Print exactly the lines below between the line holding "move=> t bt; have [q qa qE] := gam_img t." and the line holding "Lemma chart_lift_differentiable (a", inclusive, and nothing more.

[Stored data entries]

* * * *

Lemma is_derive_comp_line_curve (F : V -> W) (t : R) : differentiable F (line t) ->
  is_derive t 1 (F \o line) (h' t *: 'D_w F (line t)).
Proof.
move=> F_diff; have line_diff := line_curve_differentiable t.
have comp_diff : differentiable (F \o line) t by exact: differentiable_comp.
apply: DeriveDef; first by apply/derivable1_diffP.
rewrite deriveE // diff_comp // /= -(deriveE _ line_diff).
by have [_ ->] := is_derive_line_curve t; rewrite linearZ /= deriveE.
Qed.

Variables (U : set V) (G : V -> W).
Hypothesis G_smooth : smooth_on U G.

Lemma line_curve_preimage_open : open (line @^-1` U).
Proof.
apply: open_comp (G_smooth.1) => t _.
exact/differentiable_continuous/line_curve_differentiable.
Qed.

(* Finite sums of trigonometric polynomials times iterated directional
   derivatives of G along the line; they contain every iterated derivative of
   G \o line and are closed under differentiation. *)
Inductive trig_comb : (R -> W) -> Prop :=
| trig_comb0 : trig_comb (fun _ => 0)
| trig_combD s vs k : trig_poly s -> trig_comb k ->
    trig_comb (fun t => s t *: Defs.iterD vs G (line t) + k t).

Lemma trig_combZ c k : trig_comb k -> trig_comb (fun t => c *: k t).
Proof.
elim=> [|s vs k' sP _ IH].
  by under eq_fun do rewrite scaler0; exact: trig_comb0.
under eq_fun do rewrite scalerDr scalerA.
by apply: trig_combD => //; apply: trig_polyM => //; exact: trig_poly_cst.
Qed.

Lemma trig_comb_derive k : trig_comb k ->
  exists2 k', trig_comb k' & forall t, U (line t) -> is_derive t 1 k (k' t).
Proof.
elim=> [|s vs k0 sP _ [k' k'C k'D]].
  by exists (fun _ => 0) => [|t _]; [exact: trig_comb0 | exact: is_derive_cst].
have [s' s'P s'D] := trig_poly_derive sP.
exists (fun t => s' t *: Defs.iterD vs G (line t) +
   ((s t * h' t) *: Defs.iterD (w :: vs) G (line t) + k' t)) => [|t Ut].
  by do 2 apply: trig_combD => //; exact: trig_polyM.
have der := is_deriveD (is_derive_scale (s'D t)
  (is_derive_comp_line_curve (G_smooth.2 vs _ Ut))) (k'D t Ut).
by apply: is_derive_eq; rewrite /= scalerA addrA (addrC (s' t *: _)).
Qed.

Lemma iterD_comp_line_curve vs :
  exists2 k, trig_comb k & forall t, U (line t) -> Defs.iterD vs (G \o line) t = k t.
Proof.
elim: vs => [|v vs [k kC kE]].
  exists (fun t => (fun _ => 1) t *: Defs.iterD [::] G (line t) + (fun _ => 0) t).
    by apply: trig_combD; [exact: trig_poly_cst | exact: trig_comb0].
  by move=> t _ /=; rewrite scale1r addr0.
have [k' k'C k'D] := trig_comb_derive kC.
exists (fun t => v *: k' t) => [|t Ut /=]; first exact: trig_combZ.
have near_kE : \near t, Defs.iterD vs (G \o line) t = k t.
  apply: filterS (open_nbhs_nbhs (conj line_curve_preimage_open Ut)); exact: kE.
have [k_der k'E] := k'D t Ut.
have k_diff : differentiable k t by apply/derivable1_diffP.
by rewrite (near_eq_derive _ near_kE) deriveE // diff1E // derive1E k'E.
Qed.

Lemma smooth_on_comp_line_curve : smooth_on (line @^-1` U) (G \o line).
Proof.
split=> [|vs t Ut]; first exact: line_curve_preimage_open.
have [k kC kE] := iterD_comp_line_curve vs.
have [k' _ k'D] := trig_comb_derive kC.
have [k_der _] := k'D t Ut.
apply/derivable1_diffP; apply: (near_eq_derivable _ k_der).
by apply: filterS (open_nbhs_nbhs (conj line_curve_preimage_open Ut)) => z Uz; rewrite kE.
Qed.

End SmoothAlongLine.

Lemma smooth_on_sub (R : realType) (V W : normedModType R) (U U' : set V) (F : V -> W) :
  smooth_on U F -> open U' -> U' `<=` U -> smooth_on U' F.
Proof. by move=> [_ F_smooth] U'_open U'U; split=> // vs z /U'U; exact: F_smooth. Qed.

Section ChartCurves.
Variables (R : realType) (M : topologicalType) (m : nat) (A : set (chart R M m)).

Lemma chart_inv_continuous (a : chart R M m) (z : 'rV[R]_m) :
  (ch_map a @` ch_dom a) z -> {for z, continuous (ch_inv a)}.
Proof.
move=> za; have := @ch_inv_cont _ _ _ a.
rewrite continuous_open_subspace; last exact: ch_img_open.
by apply; rewrite inE.
Qed.

Lemma smooth_curve_chart_inv (a : chart R M m) (gam : R -> 'rV[R]_m) :
  continuous gam -> (forall t, (ch_map a @` ch_dom a) (gam t)) ->
  (forall b, A b -> smooth_on (gam @^-1` (ch_map a @` (ch_dom a `&` ch_dom b)))
                              ((ch_map b \o ch_inv a) \o gam)) ->
  smooth_curve A (ch_inv a \o gam).
Proof.
move=> gam_cont gam_img gam_smooth.
have c_cont : continuous (ch_inv a \o gam).
  by move=> t; apply: continuous_comp; [exact: gam_cont | exact: chart_inv_continuous].
split=> // b Ab; apply: smooth_on_sub (gam_smooth b Ab) _ _.
  by apply: open_comp (ch_dom_open b) => t _; exact: c_cont.
move=> t bt; have [q qa qE] := gam_img t.
by exists q => //; split => //; move: bt; rewrite /preimage /= -qE ch_invK.
Qed.

End ChartCurves.

Section Lift.
Variables (R : realType) (M : topologicalType) (m n : nat) (A : set (chart R M m)).
Variables (phi : M -> 'rV[R]_n) (y : M).
Hypothesis phi_smooth : smooth_map A phi.

Lemma chart_lift_differentiable (a : chart R M m) : A a -> ch_dom a y ->
  differentiable (phi \o ch_inv a) (ch_map a y).
Proof. by move=> Aa ya; have := (phi_smooth Aa).2 [::] (ch_map a y); apply; exists y. Qed.

Lemma is_derive_comp_smooth_curve (f : 'rV[R]_n -> R) (c : R -> M) (a : chart R M m) :
  differentiable f (phi y) -> smooth_curve A c -> c 0 = y -> A a -> ch_dom a y ->
  is_derive (0 : R) 1 (f \o phi \o c)
    ('d f (phi y) ('d (phi \o ch_inv a) (ch_map a y) ('d (ch_map a \o c) 0 1))).
Proof.
move=> f_diff [c_cont c_smooth] c0 Aa ya.
have cy : (ch_map a \o c) 0 = ch_map a y by rewrite /= c0.
have c_diff : differentiable (ch_map a \o c) 0.
  by have := (c_smooth a Aa).2 [::] 0; apply; rewrite /preimage /= c0.
have F_diff := chart_lift_differentiable Aa ya.
have Fy : (phi \o ch_inv a) (ch_map a y) = phi y by rewrite /= ch_invK.
have near_dom : \forall t \near (0 : R), ch_dom a (c t).
  apply: c_cont; apply: open_nbhs_nbhs; split; [exact: ch_dom_open | by rewrite c0].
apply: (@near_eq_is_derive _ _ _ (f \o (phi \o ch_inv a) \o (ch_map a \o c))).
  by apply: filterS near_dom => t ta /=; rewrite ch_invK.
have F_diff' : differentiable (phi \o ch_inv a) ((ch_map a \o c) 0) by rewrite cy.
have f_diff' : differentiable f ((phi \o ch_inv a) ((ch_map a \o c) 0)) by rewrite cy Fy.
have f_comp_diff : differentiable (f \o (phi \o ch_inv a) \o (ch_map a \o c)) 0.
  by apply: differentiable_comp => //; exact: differentiable_comp.
apply: DeriveDef; first by apply/derivable1_diffP.
rewrite (deriveE _ f_comp_diff) diff_comp //; last exact: differentiable_comp.
by rewrite /= c0 (diff_comp F_diff) /= ch_invK.
Qed.

Lemma im_diff_sub_tangent_cone : im_diff A phi y `<=` tangent_cone (range phi) (phi y).
Proof.
move=> _ [a [Aa ya [w ->]]].
pose F := phi \o ch_inv a; pose p := ch_map a y.
have F_diff : differentiable F p := chart_lift_differentiable Aa ya.
have harmonic_dnbhs : @harmonic R @ \oo --> (0 : R)^'.
  move=> S S0.
  have : \forall i \near \oo, harmonic i != 0 -> S (harmonic i) := cvg_harmonic S0.
  by apply: filterS => i; apply; rewrite gt_eqF ?harmonic_gt0.
exists (fun i => F (p + harmonic i *: w)), harmonic; split.
- by move=> i; exists (ch_inv a (p + harmonic i *: w)).
- exact: harmonic_gt0.
- exact: cvg_harmonic.
- have -> : phi y = F p by rewrite /F /p /= ch_invK.
  rewrite -(deriveE _ F_diff).
  have := cvg_comp _ _ harmonic_dnbhs (diff_derivable (v := w) F_diff).
  by apply: cvg_trans; apply: near_eq_cvg; near=> i; rewrite /= [p + _]addrC.
Unshelve. all: by end_near.
Qed.

Hypothesis atlas : smooth_atlas A.

Lemma smooth_curve_chart_sin_line (a : chart R M m) (d : R) (w : 'rV[R]_m) :
  A a -> (forall t, (ch_map a @` ch_dom a) (line_curve (ch_map a y) w (fun u => d * sin u) t)) ->
  smooth_curve A (ch_inv a \o line_curve (ch_map a y) w (fun u => d * sin u)).
Proof.
move=> Aa line_img.
have d_cos : trig_poly (fun u => d * cos u).
  by apply: trig_polyM; [exact: trig_poly_cst | exact: trig_poly_cos].
apply: smooth_curve_chart_inv => // [t|b Ab].
  exact/differentiable_continuous/(line_curve_differentiable _ _ (is_derive_mulr_sin d)).
by have := smooth_on_comp_line_curve (ch_map a y) w d_cos (is_derive_mulr_sin d)
  (atlas.2 a b Aa Ab).
Qed.

Lemma one_implies_one_of_tangent_cone_sub :
  tangent_cone (range phi) (phi y) `<=` im_diff A phi y -> one_implies_one A phi y.
Proof.
move=> T_sub f f_diff f_crit _ /T_sub [a [Aa ya [w ->]]].
have [d d_gt0 line_img] := exists_sin_line_curve_within w
  (@ch_img_open _ _ _ a) (ex_intro2 _ _ y ya erefl).
set gam := line_curve _ _ _ in line_img.
have c_smooth := smooth_curve_chart_sin_line Aa line_img.
have c0 : (ch_inv a \o gam) 0 = y by rewrite /= /gam /line_curve sin0 mulr0 scale0r addr0 ch_invK.
have := is_derive_comp_smooth_curve (f_diff _) c_smooth c0 Aa ya.
have -> : ch_map a \o (ch_inv a \o gam) = gam by apply/funext => t; rewrite /= ch_mapK.
have gam_d : 'd gam 0 1 = d *: w.
  have [_ gam_der] := is_derive_line_curve (ch_map a y) w (is_derive_mulr_sin d) 0.
  rewrite -deriveE; last exact: line_curve_differentiable _ _ (is_derive_mulr_sin d) 0.
  by rewrite gam_der cos0 mulr1.
rewrite gam_d !linearZ /= => -[_].
have [_ ->] := f_crit _ c_smooth c0.
by move=> /esym /eqP; rewrite mulf_eq0 gt_eqF // => /eqP ->.
Qed.

Lemma exists_linear_critical_not_stationary (v : 'rV[R]_n) :
  tangent_cone (range phi) (phi y) v -> ~ im_diff A phi y v ->
  exists f : {linear 'rV[R]_n -> R},
    one_critical A (f \o phi) y /\ ~ stationary f (range phi) (phi y).
Proof.
move=> Tv v_notin_im; have [a Aa ya] := atlas.1 y.
have [f [fD fv]] : exists f : {linear 'rV[R]_n -> R},
    (forall w, f ('d (phi \o ch_inv a) (ch_map a y) w) = 0) /\ f v < 0.
  apply: linear_form_separating_range => -[w vE].
  by apply: v_notin_im; exists a; split => //; exists w.
have f_cont := rV_linear_continuous (f := f).
have df x : 'd f x = f :> (_ -> _) := diff_lin x f_cont.
exists f; split.
- move=> c c_smooth c0.
  have := is_derive_comp_smooth_curve (linear_differentiable _ f_cont) c_smooth c0 Aa ya.
  by rewrite df fD.
- by move=> /(_ v Tv); rewrite df leNgt fv.
Qed.

End Lift.

Theorem theorem2p4 (R : realType) (M : topologicalType) (m n : nat)
  (A : set (chart R M m)) (HM : hausdorff_space M) (HA : smooth_atlas A)
  (phi : M -> 'rV[R]_n) (Hphi : smooth_map A phi) (y : M) :
  (one_implies_one A phi y <-> im_diff A phi y = tangent_cone (range phi) (phi y)) /\
  (~ one_implies_one A phi y ->
     exists f : 'rV[R]_n -> R,
       (forall (a : R) (u v : 'rV[R]_n), f (a *: u + v) = a * f u + f v) /\
       one_critical A (f \o phi) y /\ ~ stationary f (range phi) (phi y)).
Proof.
have im_sub := im_diff_sub_tangent_cone (y := y) Hphi.
have [T_sub | [v Tv v_notin_im]] :
    tangent_cone (range phi) (phi y) `<=` im_diff A phi y \/
    exists2 v, tangent_cone (range phi) (phi y) v & ~ im_diff A phi y v.
  have [|no_v] := pselect (exists2 v, tangent_cone (range phi) (phi y) v & ~ im_diff A phi y v).
    by right.
  by left => v Tv; apply: contrapT => v_notin; apply: no_v; exists v.
- have one := one_implies_one_of_tangent_cone_sub Hphi HA T_sub.
  by split=> //; split=> // _; apply/seteqP; split.
- have [f [f_crit f_not_stat]] := exists_linear_critical_not_stationary Hphi HA Tv v_notin_im.
  have not_one : ~ one_implies_one A phi y.
    move=> one; apply/f_not_stat/one => // z.
    exact: linear_differentiable (rV_linear_continuous (f := f)).
  split=> [|_]; last by exists f; split=> // a u w; rewrite linearP.
  split=> [/not_one // | im_eq].
  by move: v_notin_im; rewrite im_eq.
Qed.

* * * *

▶ [Task result]:
move=> t bt; have [q qa qE] := gam_img t.
by exists q => //; split => //; move: bt; rewrite /preimage /= -qE ch_invK.
Qed.

End ChartCurves.

Section Lift.
Variables (R : realType) (M : topologicalType) (m n : nat) (A : set (chart R M m)).
Variables (phi : M -> 'rV[R]_n) (y : M).
Hypothesis phi_smooth : smooth_map A phi.

Lemma chart_lift_differentiable (a : chart R M m) : A a -> ch_dom a y ->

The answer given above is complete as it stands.